The debate about the role of the private sector in health and the effect on equity is not new. The South Korean experience shows that public–private partnerships are possible, but require good governance and the right regulatory environment to mitigate the risk of worsening health inequities.
The future agenda for health financing
The post-COVID health agenda for health financing will need to broaden beyond healthcare and take an all-sector view of health. Through prior work, colleagues and I noted the intersectionality of health and offered a roadmap for using the SDG 3 priorities to inform the global response to COVID-19. Building on those opportunities, below are three health financing strategies to strengthen health systems and make them more equitable to all populations.
1. Shift from labour tax to general taxation for raising revenue for health
The pandemic has heightened awareness of the perils of linking revenue generation to formal employment, especially in countries with high rates of economic and labour informality that make it difficult to collect taxes.
Calls for general taxation for health financing are not new, with research by the World Bank, World Health Organization and other leading experts spotlighting the negative effect of labour tax revenue generation on health equity. Compared to general taxation, labour tax systems lead to regressive distribution of health financing that deepens social inequities. While fiscal constraints and the global recession will make it harder to generate revenues, there are many policy levers that policy makers can implement to generate resources for health through general taxation.
2. Reduce health system fragmentation
UHC is a cornerstone of health system resilience and health equity.

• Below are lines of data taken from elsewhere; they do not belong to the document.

(* For every constant $A\in\mathbb{N}$ there is a family $(\mathcal{V}_n)_{n\in\mathbb{N}}$ of VASS, each with two $\mathbb{N}$-counters and some number of $\mathbb{Z}$-counters, such that the size of $\mathcal{V}_n$ is polynomial in $n$ and $\mathcal{V}_n$ computes the set $\{(A^{2^n},\,B,\,B\cdot A^{2^n}) : B\in\mathbb{N}\}\subseteq\mathbb{Z}^3$.
   Context: A VASS with $d$ $\mathbb{N}$-counters and $k$ $\mathbb{Z}$-counters consists of a finite set $Q$ of states and a finite set $T\subseteq Q\times\mathbb{Z}^{d+k}\times Q$ of transitions. A configuration is $p(\mathbf{u})$ with $p\in Q$, $\mathbf{u}\in\mathbb{N}^d\times\mathbb{Z}^k$. A transition $(p,\mathbf{v},q)$ can be fired from $p(\mathbf{u})$, leading to $q(\mathbf{u}+\mathbf{v})$, provided the first $d$ coordinates of $\mathbf{u}+\mathbf{v}$ are nonnegative. Size is measured with numbers in unary: $|Q|+\sum_{(p,\mathbf{v},q)\in T}\|\mathbf{v}\|_1$. For $\mathbf{u}\in\mathbb{Z}^m$, write $\mathbf{u}\oplus 0^{j}$ for $\mathbf{u}$ padded with $j$ zeros. Such a VASS computes a set $S\subseteq\mathbb{Z}^m$ if there are distinguished states $q_I,q_F$ such that $S$ equals the set of $\mathbf{v}$ for which there is a run from $q_I(0^{d+k})$ to $q_F(\mathbf{v}\oplus 0^{d+k-m})$ (the vector $\mathbf{v}$ may occupy both $\mathbb{N}$- and $\mathbb{Z}$-counters). *)

From Stdlib Require Import ZArith List Relations.
Import ListNotations.
Open Scope Z_scope.

(* A VASS with d N-counters and k Z-counters.  States are the naturals
   0 .. nstates-1; transitions are triples (p, v, q). *)
Record VASS := mkVASS {
  nstates : nat;
  trans : list (nat * list Z * nat)
}.

Definition wf_VASS (d k : nat) (V : VASS) : Prop :=
  forall p v q, In (p, v, q) (trans V) ->
    (p < nstates V)%nat /\ (q < nstates V)%nat /\ length v = (d + k)%nat.

Definition norm1 (v : list Z) : nat :=
  fold_right (fun x acc => (Z.abs_nat x + acc)%nat) 0%nat v.

(* size = |Q| + sum over transitions of ||v||_1 (unary encoding). *)
Definition vass_size (V : VASS) : nat :=
  (nstates V + fold_right (fun t acc => (norm1 (snd (fst t)) + acc)%nat) 0%nat (trans V))%nat.

Definition vadd (u v : list Z) : list Z :=
  map (fun p => fst p + snd p) (combine u v).

Definition step (d : nat) (V : VASS) (c c' : nat * list Z) : Prop :=
  exists v, In (fst c, v, fst c') (trans V) /\
    snd c' = vadd (snd c) v /\
    forall i, (i < d)%nat -> 0 <= nth i (snd c') 0.

Definition reach (d : nat) (V : VASS) : relation (nat * list Z) :=
  clos_refl_trans _ (step d V).

Definition zeros (n : nat) : list Z := repeat 0 n.

Definition computes (d k m : nat) (V : VASS) (S : list Z -> Prop) : Prop :=
  (m <= d + k)%nat /\
  (forall v, S v -> length v = m) /\
  exists qI qF, (qI < nstates V)%nat /\ (qF < nstates V)%nat /\
    forall v, length v = m ->
      (S v <-> reach d V (qI, zeros (d + k)) (qF, v ++ zeros (d + k - m))).

Definition target_set (a : Z) : list Z -> Prop :=
  fun w => exists B : nat, w = [a; Z.of_nat B; Z.of_nat B * a].

From Stdlib Require Import ZArith List Lia FunctionalExtensionality Relations.
Import ListNotations.

(* The VASS squares the content c of its first N-counter n times, starting from
   c = A.  At each level it performs rounds, each moving units one at a time from
   the first N-counter to the second and back, so that a round moves at most c
   units each way.  Every move and every round is also recorded on Z-counters, and
   the final zero test turns these records into linear equations between the
   numbers of rounds and of moves.  One of them says that the moves total 2c per
   round, which forces every round to be complete; the others then make the
   number of rounds of one type at the next level equal to c times the number of
   rounds of another type, which is how c^2, and at the end B c, is computed.
   Soundness is an invariant on the tally of the transitions fired so far, stating
   that no round has moved more than c units. *)

Local Open Scope Z_scope.

Lemma vadd_map (f g : nat -> Z) l : vadd (map f l) (map g l) = map (fun j => f j + g j) l.
Proof. induction l as [|a l IH]; simpl; auto. unfold vadd in *. simpl. f_equal. auto. Qed.

Lemma norm1_map_le (f : nat -> Z) l B :
  (forall j, Z.abs (f j) <= Z.of_nat B) -> (norm1 (map f l) <= length l * B)%nat.
Proof. intros HB. induction l as [|a l IH]; simpl; [lia|]. specialize (HB a). lia. Qed.

Lemma sum_norm1_le (ts : list (nat * list Z * nat)) M :
  (forall t, In t ts -> (norm1 (snd (fst t)) <= M)%nat) ->
  (fold_right (fun t acc => (norm1 (snd (fst t)) + acc)%nat) 0%nat ts <= length ts * M)%nat.
Proof.
  induction ts as [|t ts IH]; intros H; simpl; [lia|].
  specialize (IH (fun t' Ht' => H t' (or_intror Ht'))). specialize (H t (or_introl eq_refl)). lia.
Qed.

Lemma rt_iterate {X} (R : relation X) (f : nat -> X) t :
  (forall m, (m < t)%nat -> R (f m) (f (S m))) -> clos_refl_trans X R (f 0%nat) (f t).
Proof.
  induction t as [|t IH]; intros H; [apply rt_refl|].
  eapply rt_trans; [apply IH; auto|]. apply rt_step, H. lia.
Qed.

(** * The construction *)

(* [G k l] counts the firings of transitions of kind [k] at level [l].  At level
   [i]: [1+r] starts a round of type [r < 4], [5+r] moves a unit from x0 to x1 in
   such a round, [0] moves a unit back, [9] increments x0 on entry to the level.
   At level 0 only: [10] sets x0 := A, [11] guesses the number of rounds of level
   0, [12] increments x1 (guessing B), [13] increments the output counter, [14]
   stands in for the c_n type-2 rounds that the last level would otherwise owe.
   Kind [15] is silent. *)
Definition tally := nat -> nat -> Z.

Definition tally_zero : tally := fun _ _ => 0.
Definition tally_add (G H : tally) : tally := fun k l => G k l + H k l.
Definition tally_addn (G : tally) (k l t : nat) : tally :=
  fun k' l' => G k' l' + if (Nat.eqb k' k && Nat.eqb l' l)%bool then Z.of_nat t else 0.
Definition tally_unit (k l : nat) : tally :=
  fun k' l' => if (Nat.eqb k' k && Nat.eqb l' l && Nat.ltb k 15)%bool then 1 else 0.
Definition tick (G : tally) (k l : nat) : tally := tally_add G (tally_unit k l).

Lemma tick_val G k l k' l' :
  tick G k l k' l' = G k' l' + if (Nat.eqb k' k && Nat.eqb l' l && Nat.ltb k 15)%bool then 1 else 0.
Proof. reflexivity. Qed.

Lemma tick_silent G l : tick G 15 l = G.
Proof.
  extensionality k'. extensionality l'. rewrite tick_val, Bool.andb_false_r. ring.
Qed.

While many insurance pooling arrangements exist to achieve this SDG, pursuing coverage through fragmented pooling mechanisms can create downstream effects that worsen inequities and reflect entrenched economic class divisions. People are placed in different risk pools based on formal employment, which creates different health systems for different populations based on socio-economic status. The result of fragmentation is different access to health systems that vary on quality, patient satisfaction and health outcomes.
3. Accelerate efforts to advance strategic purchasing arrangements
Closing the health financing gap to meet SDG 3 will require increased prioritisation and investment from all levels of global health leadership. Many global leaders and organisations have already called for increased investments to fund community health and primary healthcare, which are key delivery channels to achieve UHC.
Coupled with much-needed increased investments, we also need a new way of purchasing health services. Growing experience with strategic purchasing or value-based payment before and during the pandemic shows that these purchasing arrangements provide increased flexibility for allocation of resources and can encourage health innovation to fill health system gaps.
Reigniting the SDGs
The SDGs are an established global framework for all sectors of human, social and economic development that can guide leaders as they respond during times of crises and prepare health systems for the future. This means advancing the three evidence-based health financing strategies outlined above.
But these strategies cannot be implemented in isolation. Current and future policy responses will need to span health, social and economic sectors. In sum, leaders need to reignite the SDGs as countries continue to fight the pandemic while simultaneously preparing health systems for the future. The time to act is now.